III. L'émancipation de l'Égypte de la tutelle ottomane et le désir d'expansion
A) La campagne d'Arabie
Après avoir consolider la construction interne se son pays, Méhémet-Ali va chercher à faire de
celui-ci un vaste empire émancipé de l'Empire ottoman. Ainsi dès 1811, son armée, dirigée par son
fils Ahmad Tosson, part combattre, au nom du Sultan Mahmud II, les Wahhâbittes d'Arabie qui
occupaient les villes saintes depuis le début du siècle. Il récupère, l'année suivante, les villes saintes
de Médine et de la Mecque mais poursuit son combat à travers une deuxième campagne qui dure
jusqu'en janvier 1815, date à laquelle il soumet les Wahhâbittes à Koulakh et impose un traité
humiliant à leur chef, Abdallah.

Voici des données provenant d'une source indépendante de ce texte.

(* Let $G$ be a graph on at most $n$ vertices that contains no copy of the complete graph $K_5$. Then $\tilde b(G)\le 3^{n/4}$.
   Context: $\mathrm{Ind}(G)$ is the independence complex of $G$ (including the empty face), and $\tilde b(G)=\sum_{i\ge-1}\dim_{\mathbb{K}}\widetilde H_i(\mathrm{Ind}(G);\mathbb{K})$ for a fixed field $\mathbb{K}$; the empty graph has $\tilde b=1$. *)

From mathcomp Require Import all_boot all_order all_algebra.
From Stdlib Require Import Reals.
Set Implicit Arguments. Unset Strict Implicit. Unset Printing Implicit Defensive.
Import GRing.Theory.

Section IndComplex.
Variable T : finType.
Variable e : rel T.

Definition indep (A : {set T}) : bool :=
  [forall x in A, forall y in A, ~~ e x y].

(* Faces of Ind(G) with exactly k vertices (dimension k-1); faces 0 = {empty face}. *)
Definition faces (k : nat) : {set {set T}} :=
  [set A : {set T} | indep A & #|A| == k].

Definition pos (A : {set T}) (v : T) : nat :=
  #|[set u in A | (enum_rank u < enum_rank v)%N]|.

Local Open Scope ring_scope.

(* Reduced simplicial boundary map C_{k} -> C_{k-1} (chains with k+1 -> k vertices),
   as a matrix acting on row vectors; k = 0 is the augmentation to the empty face. *)
Definition bdmx (K : fieldType) (k : nat) : 'M[K]_(#|faces k.+1|, #|faces k|) :=
  \matrix_(i, j)
    \sum_(v in (@enum_val _ (mem (faces k.+1)) i))
      (((@enum_val _ (mem (faces k)) j) == (@enum_val _ (mem (faces k.+1)) i) :\ v)%:R
        * (-1) ^+ pos (@enum_val _ (mem (faces k.+1)) i) v).

Local Close Scope ring_scope.

(* dim_K of reduced homology of Ind(G) in degree k-1 (faces with k vertices):
   dim C - rank(outgoing boundary) - rank(incoming boundary). *)
Definition betti (K : fieldType) (k : nat) : nat :=
  (#|faces k| - (if k is k'.+1 then \rank (bdmx K k') else 0%N)
     - \rank (bdmx K k))%N.

Definition tot_betti (K : fieldType) : nat :=
  (\sum_(k < #|T|.+1) betti K k)%N.

End IndComplex.

Definition simple_graph (T : finType) (e : rel T) : Prop :=
  irreflexive e /\ symmetric e.

Definition K5_free (T : finType) (e : rel T) : Prop :=
  forall S : {set T}, #|S| = 5%N ->
    ~ (forall x y, x \in S -> y \in S -> x != y -> e x y).

(* Write b(W) for the total reduced Betti number of Ind(G[W]).  The faces through a
   vertex v form the cone over the link Ind(G[W - N[v]]), so the exact sequence of the
   pair gives b(W) <= b(W - v) + b(W - N[v]); here it is proved as rank inequalities
   between boundary matrices.  If v is isolated, Ind(G[W]) is a cone and b(W) = 0.
   Splitting successively at the neighbours u_1, ..., u_d of a vertex v of minimum
   degree d therefore gives b(W) <= sum_i b(W - {u_1..u_(i-1)} - N[u_i]), each term on
   at most n - d - 1 vertices.  With c = 3^(1/4): for d <= 3 this is at most
   d c^(n-d-1) <= c^n; for d >= 5 the single split gives c^(n-1) + c^(n-6) <= c^n;
   for d = 4, K5-freeness yields two non-adjacent neighbours, and listing them first
   and last makes the last term lose 6 vertices: 3 c^(n-5) + c^(n-6) <= c^n. *)

From mathcomp Require Import all_boot all_order all_algebra.
From mathcomp Require Import ring zify.
Set Implicit Arguments. Unset Strict Implicit. Unset Printing Implicit Defensive.
Import GRing.Theory.

Section BoundaryCoefficients.
Variable K : fieldType.
Variable T : finType.

Local Notation rk := (@enum_rank T).

Lemma pos_setU1 (A : {set T}) v w : v \notin A ->
  pos (v |: A) w = pos A w + (rk v < rk w).
Proof.
move=> vA; rewrite /pos.
have -> : [set u in v |: A | rk u < rk w] =
    if rk v < rk w then v |: [set u in A | rk u < rk w] else [set u in A | rk u < rk w].
  apply/setP=> u; rewrite !inE; case: (boolP (rk v < rk w)) => h; rewrite ?inE;
  by case: (eqVneq u v) => [->|]; rewrite ?h ?(negbTE h) ?(negbTE vA).
case: ifP => _; last by rewrite addn0.
by rewrite cardsU1 inE (negbTE vA) addnC.
Qed.

Lemma pos_setD1 (A : {set T}) v w : w \in A ->
  pos A v = pos (A :\ w) v + (rk w < rk v).
Proof.
move=> wA; rewrite -(setD1K wA) pos_setU1 ?setD1K ?setD11 //.
Qed.

Lemma pos_setU1_self (A : {set T}) v : pos (v |: A) v = pos A v.
Proof.
rewrite /pos (_ : [set u in v |: A | rk u < rk v] = [set u in A | rk u < rk v]) //.
apply/setP=> u; rewrite !inE.
by case: (eqVneq u v) => [->|]; rewrite ?ltnn ?andbF.
Qed.

Lemma rk_lt_total v w : w != v -> (rk v < rk w) + (rk w < rk v) = 1.
Proof.
move=> ne; have : rk w != rk v by rewrite (inj_eq (@enum_rank_inj T)).
by case: (ltngtP (rk v) (rk w)) => // /val_inj ->; rewrite eqxx.
Qed.

Local Open Scope ring_scope.

Definition sign_at v (A : {set T}) : K := (-1) ^+ pos A v.

Definition bd_coef (A B : {set T}) : K :=
  \sum_(w in A) ((B == A :\ w)%:R * (-1) ^+ pos A w).

Lemma sign_atK v A : sign_at v A * sign_at v A = 1.
Proof. by rewrite -expr2 sqrr_sign. Qed.

Lemma setU1_eq (v : T) (A B : {set T}) : v \notin A -> v \notin B ->
  (v |: A == v |: B) = (A == B).
Proof.
move=> vA vB; apply/eqP/eqP => [/setP H|->] //; apply/setP => x.
move: (H x); rewrite !in_setU1.
by case: (eqVneq x v) => [->|] //=; rewrite (negbTE vA) (negbTE vB).
Qed.

Lemma bd_coef_setU1 v (A B : {set T}) : v \notin A -> v \notin B ->
  bd_coef A B = - (sign_at v A * sign_at v B) * bd_coef (v |: A) (v |: B).
Proof.
move=> vA vB; rewrite /bd_coef (big_setU1 _ vA) /= setU1K //.
have -> : (v |: B == A) = false.
  by apply/negbTE; apply: contra vA => /eqP <-; rewrite setU11.
rewrite mul0r add0r mulr_sumr; apply: eq_bigr => w wA.
have wv : w != v by apply: contraNneq vA => <-.
have -> : (v |: A) :\ w = v |: (A :\ w).
  by apply/setP => x; rewrite !inE; case: (eqVneq x v) => [->|] //=; rewrite eq_sym wv.
rewrite setU1_eq ?inE ?negb_and ?vA ?orbT //.
case: eqP => [->|_]; last by rewrite !mul0r mulr0.
rewrite /sign_at (pos_setU1 _ vA) (pos_setD1 v wA) !mul1r !exprD.
have hX : (-1) ^+ pos (A :\ w) v * (-1) ^+ pos (A :\ w) v = 1 :> K.
  by rewrite -expr2 sqrr_sign.
have hBC : (-1) ^+ (rk w < rk v) * (-1) ^+ (rk v < rk w) = -1 :> K.
  by rewrite -exprD addnC rk_lt_total // expr1.
move: hX hBC; set X := _ ^+ pos _ v; set B1 := _ ^+ (rk w < rk v); set C := _ ^+ (rk v < rk w).
move=> hX hBC; have -> : - (X * B1 * X) * ((-1) ^+ pos A w * C) =
  - ((X * X) * (B1 * C)) * (-1) ^+ pos A w by ring.
by rewrite hX hBC; ring.
Qed.

Lemma bd_coef_cone v (A B : {set T}) : v \notin A -> v \notin B ->
  sign_at v A * bd_coef (v |: A) B = (B == A)%:R.
Proof.
move=> vA vB; rewrite /bd_coef (big_setU1 _ vA) /= setU1K // big1 ?addr0.
  by rewrite pos_setU1_self mulrCA -/(sign_at v A) sign_atK mulr1.
move=> w wA; have wv : w != v by apply: contraNneq vA => <-.
suff -> : (B == (v |: A) :\ w) = false by rewrite mul0r.
by apply/negbTE; apply: contra vB => /eqP ->; rewrite !inE eq_sym wv eqxx.
Qed.

Lemma bd_coef_absent v (A B : {set T}) : v \notin A -> v \in B -> bd_coef A B = 0.
Proof.
move=> vA vB; rewrite /bd_coef big1 // => w _.
suff -> : (B == A :\ w) = false by rewrite mul0r.
by apply/negbTE; apply: contra vA => /eqP hB; move: vB; rewrite hB => /setD1P[].
Qed.

End BoundaryCoefficients.

Section InducedHomology.
Variable K : fieldType.
Variable T : finType.
Variable e : rel T.

Local Notation F k := (faces e k).

Definition face_of k (i : 'I_#|F k|) : {set T} := @enum_val _ (mem (F k)) i.

Lemma face_of_inj k : injective (@face_of k).
Proof. exact: enum_val_inj. Qed.

Lemma face_ofP k (i : 'I_#|F k|) : face_of i \in F k.
Proof. exact: enum_valP. Qed.

Lemma face_of_onto k (A : {set T}) : A \in F k -> exists i : 'I_#|F k|, face_of i = A.
Proof. by move=> HA; exists (enum_rank_in HA A); rewrite /face_of enum_rankK_in. Qed.

Lemma facesE k (A : {set T}) : (A \in F k) = indep e A && (#|A| == k).
Proof. by rewrite inE. Qed.

Lemma face_indep k (A : {set T}) x y : A \in F k -> x \in A -> y \in A -> ~~ e x y.
Proof.
rewrite facesE => /andP[/forallP iA _] xA yA.
by move/implyP: (iA x) => /(_ xA) /forallP /(_ y) /implyP /(_ yA).
Qed.

Lemma faces_setD1 k (A : {set T}) v : A \in F k.+1 -> v \in A -> A :\ v \in F k.
Proof.
move=> Ak vA; have := Ak; rewrite !facesE => /andP[_ /eqP cA].
rewrite (cardsD1 v A) vA add1n in cA; case: cA => ->; rewrite eqxx andbT.
apply/forallP => x; apply/implyP => /setD1P[_ xA].
by apply/forallP => y; apply/implyP => /setD1P[_ yA]; exact: face_indep Ak xA yA.
Qed.

Lemma faces0 (A : {set T}) : (A \in F 0) = (A == set0).
Proof.
rewrite facesE cards_eq0 andbC; case: eqP => //= ->.
by apply/forallP => x; rewrite inE.
Qed.

Local Open Scope ring_scope.

Definition face_diag (P : pred {set T}) k : 'M[K]_#|F k| :=
  diag_mx (\row_i (P (face_of i))%:R).

(* The faces of Ind(G[W]) are the faces of Ind(G) contained in W: [supp_mx W k]
   projects the k-chains onto those of Ind(G[W]), and [bd_on W k] is the boundary
   map of Ind(G[W]). *)
Definition supp_mx (W : {set T}) k := face_diag (fun A => A \subset W) k.

Definition bd_on (W : {set T}) k := supp_mx W k.+1 *m bdmx e K k *m supp_mx W k.

Local Close Scope ring_scope.

Definition dim_chains (W : {set T}) k := \rank (supp_mx W k).
Definition rank_bd (W : {set T}) k := \rank (bd_on W k).
Definition rank_bd_into (W : {set T}) k := if k is k'.+1 then rank_bd W k' else 0.
Definition betti_on (W : {set T}) k := dim_chains W k - rank_bd_into W k - rank_bd W k.
Definition tot_betti_on (W : {set T}) := \sum_(k < #|T|.+1) betti_on W k.

Local Open Scope ring_scope.

Lemma supp_mx_setT k : supp_mx setT k = 1%:M.
Proof. by apply/matrixP=> i j; rewrite !mxE subsetT. Qed.

Lemma tot_betti_on_setT : tot_betti_on setT = tot_betti e K.
Proof.
rewrite /tot_betti_on /tot_betti; apply: eq_bigr => -[k _] _ /=.
rewrite /betti_on /betti /dim_chains /rank_bd_into /rank_bd /bd_on.
by case: k => [|k] /=; rewrite !supp_mx_setT mxrank1 ?mul1mx ?mulmx1.
Qed.

Lemma face_diagE P k (i j : 'I_#|F k|) : face_diag P k i j = ((i == j) && P (face_of i))%:R.
Proof.
by rewrite /face_diag !mxE; case: eqP => [->|]; case: (P _); rewrite ?mulr1n ?mulr0n.
Qed.

Lemma mul_face_diag_l P k n (X : 'M[K]_(#|F k|, n)) i j :
  (face_diag P k *m X) i j = (P (face_of i))%:R * X i j.
Proof. by rewrite /face_diag mul_diag_mx !mxE. Qed.

Lemma mul_face_diag_r P k m (X : 'M[K]_(m, #|F k|)) i j :
  (X *m face_diag P k) i j = X i j * (P (face_of j))%:R.
Proof. by rewrite /face_diag mul_mx_diag !mxE. Qed.

Lemma sum_face_of_eq k (i0 : 'I_#|F k|) (g : 'I_#|F k| -> K) :
  \sum_i ((face_of i == face_of i0)%:R * g i) = g i0.
Proof.
rewrite (bigD1 i0) //= eqxx mul1r big1 ?addr0 // => i /negbTE ne.
by rewrite (inj_eq (@face_of_inj k)) ne mul0r.
Qed.

Lemma bd_onE (W : {set T}) k i j :
  bd_on W k i j =
    (face_of i \subset W)%:R * bd_coef K (face_of i) (face_of j) * (face_of j \subset W)%:R.
Proof. by rewrite mul_face_diag_r mul_face_diag_l mxE. Qed.

Lemma supp_mx_mulS (A W : {set T}) k : A \subset W -> supp_mx A k *m supp_mx W k = supp_mx A k.
Proof.
move=> AW; apply/matrixP => i j; rewrite mul_face_diag_r !face_diagE.
case: (eqVneq i j) => [->|] /=; last by rewrite mul0r.
by case: (boolP (face_of j \subset A)) => h /=; rewrite ?mul0r // (subset_trans h AW) mulr1.
Qed.

Lemma supp_mx_mulSr (A W : {set T}) k : A \subset W -> supp_mx W k *m supp_mx A k = supp_mx A k.
Proof.
move=> AW; apply/matrixP => i j; rewrite mul_face_diag_r !face_diagE.
case: (eqVneq i j) => [->|] /=; last by rewrite mul0r.
by case: (boolP (face_of j \subset A)) => h /=; rewrite ?mulr0 // (subset_trans h AW) mulr1.
Qed.

Lemma bd_on_restrict (A W : {set T}) k : A \subset W ->
  bd_on A k = supp_mx A k.+1 *m bd_on W k *m supp_mx A k.
Proof. by move=> AW; rewrite /bd_on !mulmxA supp_mx_mulS // -!mulmxA supp_mx_mulSr. Qed.

Lemma rank_bd_subset (A W : {set T}) k : A \subset W -> (rank_bd A k <= rank_bd W k)%N.
Proof.
move=> AW; rewrite /rank_bd (bd_on_restrict _ AW).
by apply: leq_trans (mxrankM_maxl _ _) _; exact: mxrankM_maxr.
Qed.

Lemma tot_betti_on_set0 : (tot_betti_on set0 <= 1)%N.
Proof.
rewrite /tot_betti_on big_ord_recl big1 ?addn0; last first.
  move=> i _; rewrite /betti_on /dim_chains (_ : supp_mx set0 _ = 0) ?mxrank0 //.
  apply/matrixP => a b; rewrite face_diagE mxE subset0.
  have := face_ofP a; rewrite facesE => /andP[_ /eqP ca].
  suff -> : (face_of a == set0) = false by rewrite andbF.
  by apply/negbTE/eqP => ha; move: ca; rewrite ha cards0.
rewrite /betti_on /dim_chains; apply: leq_trans (leq_subr _ _) _.
apply: leq_trans (leq_subr _ _) _; apply: leq_trans (rank_leq_row _) _.
rewrite -(cards1 (@set0 T)); apply: subset_leq_card; apply/subsetP => A.
by rewrite faces0 inE.
Qed.

Hypothesis e_irr : irreflexive e.
Hypothesis e_sym : symmetric e.

Lemma faces_setU1 k (A : {set T}) v : A \in F k -> v \notin A ->
  {in A, forall x, ~~ e v x} -> v |: A \in F k.+1.
Proof.
move=> Ak vA hv; have := Ak; rewrite !facesE => /andP[_ /eqP cA].
rewrite cardsU1 vA cA eqxx andbT; apply/forallP => x; apply/implyP => hx.
apply/forallP => y; apply/implyP => hy.
move: hx hy; rewrite !in_setU1 => /orP[/eqP->|xA] /orP[/eqP->|yA].
- by rewrite e_irr.
- exact: hv.
- by rewrite e_sym hv.
- exact: face_indep Ak xA yA.
Qed.

Variable v : T.

Definition cone_mx (S : {set T}) k : 'M[K]_(#|F k|, #|F k.+1|) :=
  \matrix_(i, j) (((face_of i \subset S) && (face_of j == v |: face_of i))%:R
                  * sign_at K v (face_of i)).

Enfin, en 1816, après la mort de son fils Ahmad Tosson, Méhémet-
Ali, secondé d'Ibrahim Pacha, un autre de ses fils, anéanti ce qu'il reste des Wahhâbittes et de leur
pouvoir et rentre enfin au Caire, triomphant, en 1819. Sa puissance ainsi affirmé, le Pacha peut se
lancer dans des conquêtes plus personnelles, avec pour motivation l'expansion de son empire.

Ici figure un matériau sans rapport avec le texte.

Lemma avoidersB_size n : size (avoidersB n) = fib (2 * n).+1.
Proof.
have [] // := @fib_odd_even (fun n => size (avoidersB n))
  (fun n => count (fun x => last 0 x != 0) (avoidersB n)) erefl erefl _ _ n.
- move=> m; rewrite avoidersBS size_allpairs_dep.
  rewrite (@eq_map _ _ _ (fun x => 2 + (last 0 x != 0))); first by rewrite sumn_map_add; lia.
  by move=> x; rewrite /childrenB; case: (last 0 x).
- move=> m; rewrite avoidersBS count_flatten -map_comp.
  rewrite (@eq_map _ _ _ (fun x => 1 + (last 0 x != 0))); first by rewrite sumn_map_add; lia.
  move=> x /=; rewrite count_map /childrenB /= !last_rcons.
  by case: (last 0 x) => //= l; rewrite last_rcons.
Qed.

Lemma count_avoidersP (P : seq (seq nat)) (Q : nat -> nat -> nat -> nat -> bool) n s :
  (forall t, red t \in P <-> exists a b c d, t = [:: a; b; c; d] /\ Q a b c d) ->
  uniq s -> (forall x, x \in s <-> size x = n /\ avoider Q x) ->
  count_avoiders P n (size s).
Proof.
move=> PQ us sP; exists s; do 2!split=> //; move=> x; rewrite sP.
split=> [[sx [ax nQ]] | [sx ax avP]]; first by split=> //; apply/(avoids_allE _ PQ).
by do !split=> //; apply/(avoids_allE _ PQ).
Qed.

Theorem theorem3p1 (n : nat) : 1 <= n ->
  count_avoiders [:: [:: 0; 1; 0; 1]; [:: 0; 1; 0; 2]] n (fib (2 * n - 1)) /\
  count_avoiders [:: [:: 0; 1; 0; 1]; [:: 0; 1; 2; 1]] n (fib (2 * n - 1)).
Proof.
case: n => [|m] // _; have -> : 2 * m.+1 - 1 = (2 * m).+1 by lia.
split; [rewrite -(avoidersA_size m) | rewrite -(avoidersB_size m)];
  apply: count_avoidersP.
- exact: red_patternsA.
- by case: (avoidersA_uniq m).
- exact: (avoidersA_mem m).1.
- exact: red_patternsB.
- exact: avoidersB_uniq.
- exact: avoidersB_mem.
Qed.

B) La campagne de Nubie et du Soudan
Une fois la campagne d'Arabie achevée, Méhémet-Ali poursuit son action vers la Haute-Égypte,
et plus particulièrement le Soudan et la Nubie dont son armée, dirigée cette fois par son fils Ismâ'il,
s'empare en 1820, avec la bataille de Shayqiya, et en 1822 avec la prise de la ville de Kordofan au
Soudan. Le Pacha installe alors son autorité sur le pays conquis et fait de Khartoum la capitale de
celui-ci.
Le but de Méhémet-Ali est ici de contrôler le cours supèrieur du Nil et les caravanes venant
d'Afrique centrale, de mettre la main sur les mines locales, de fournir son armée en esclaves noirs et
enfin, d'éliminer les derniers Mamlûks qui avaient pu s'échapper.
Si le Pacha opère donc une première extension de son territoire, c'est surtout après la guerre de
Grèce, que s'affirmera sa volonté d'expansion et d'autonomie, et la puissance de son armée.
C) La conquête de la Syrie et la rupture avec l'Empire ottoman
En 1823, le Sultan fait de nouveau appel à Méhémet-Ali lors de la campagne de Grèce. Son
armée conquiert alors la Crète, Chypre, la Morée et Athène, mais en 1827, la coalition des Grecs,
des Français, des Anglais et des Russes entraine la destruction de la flotte turco-égyptienne dans la
baie de Navarin. Ibrahim Pacha est de ce fait contraint de rentrer en Égypte. Méhémet-Ali réclame
alors, en dédommagement de cette perte, le contrôle de la Syrie, ce que le Sultan refuse, causant
ainsi la rupture entre l'Empire ottoman et l'Égypte. En 1831, l'armée égyptienne est donc envoyée
en Palestine et en Syrie, dont elle s'empare en 1832, et marche ensuite vers Istambul. Cependant, les
intérêts personnels des puissances européennes les poussent à intervenir, la Russie s'alliant à
Mahmud II, et la France et l'Angleterre à Méhémet-Ali. La paix de Koutayeh est ainsi imposée en
mai 1833, et Méhémet-Ali devient Wali de la Grande-Syrie et de la Crète, étendant ainsi l'espace de
son Empire qui comprenait déjà l'Égypte, le Soudan et la Nubie. L'empire reste toutefois sous le
contrôle ottoman, ce qui ne satisfait évidemment pas le Pacha qui réclame rapidement son
indépendance. La rupture est alors confirmée, et Mahmud II envoie une armée en Syrie afin de
déloger le Pacha. Les troupes d'Ibrahim Pacha mettent alors en déroute l'armée turque en juin 1839,
obligeant le nouveau Sultan, Abd al-Madjid, à concéder à Méhémet-Ali l'hérédité de la fonction de
gouverneur d'Égypte. Ce dédommagement ne lui convient cependant pas et il réclame la Syrie, ce
qui est finalement empêché par une seconde intervention des puissances européennes, qui forment
un blocus sur les côtes syriennes et égyptiennes et bombardent plusieurs de leurs villes, comme
Beyrouth, et imposent enfin le traité de Londres, en 1840, par lequel l'armée égyptienne est
contrainte d'évacuer la Syrie (ainsi que la Crète et l'Arabie), de démanteler sa flotte et de réduire son
armée, en échange de quoi Méhémet-Ali peut transmettre son titre de gouverneur à ses héritiers et
obtient l'autorisation de gouverner le Soudan jusqu'à sa mort, en 1849.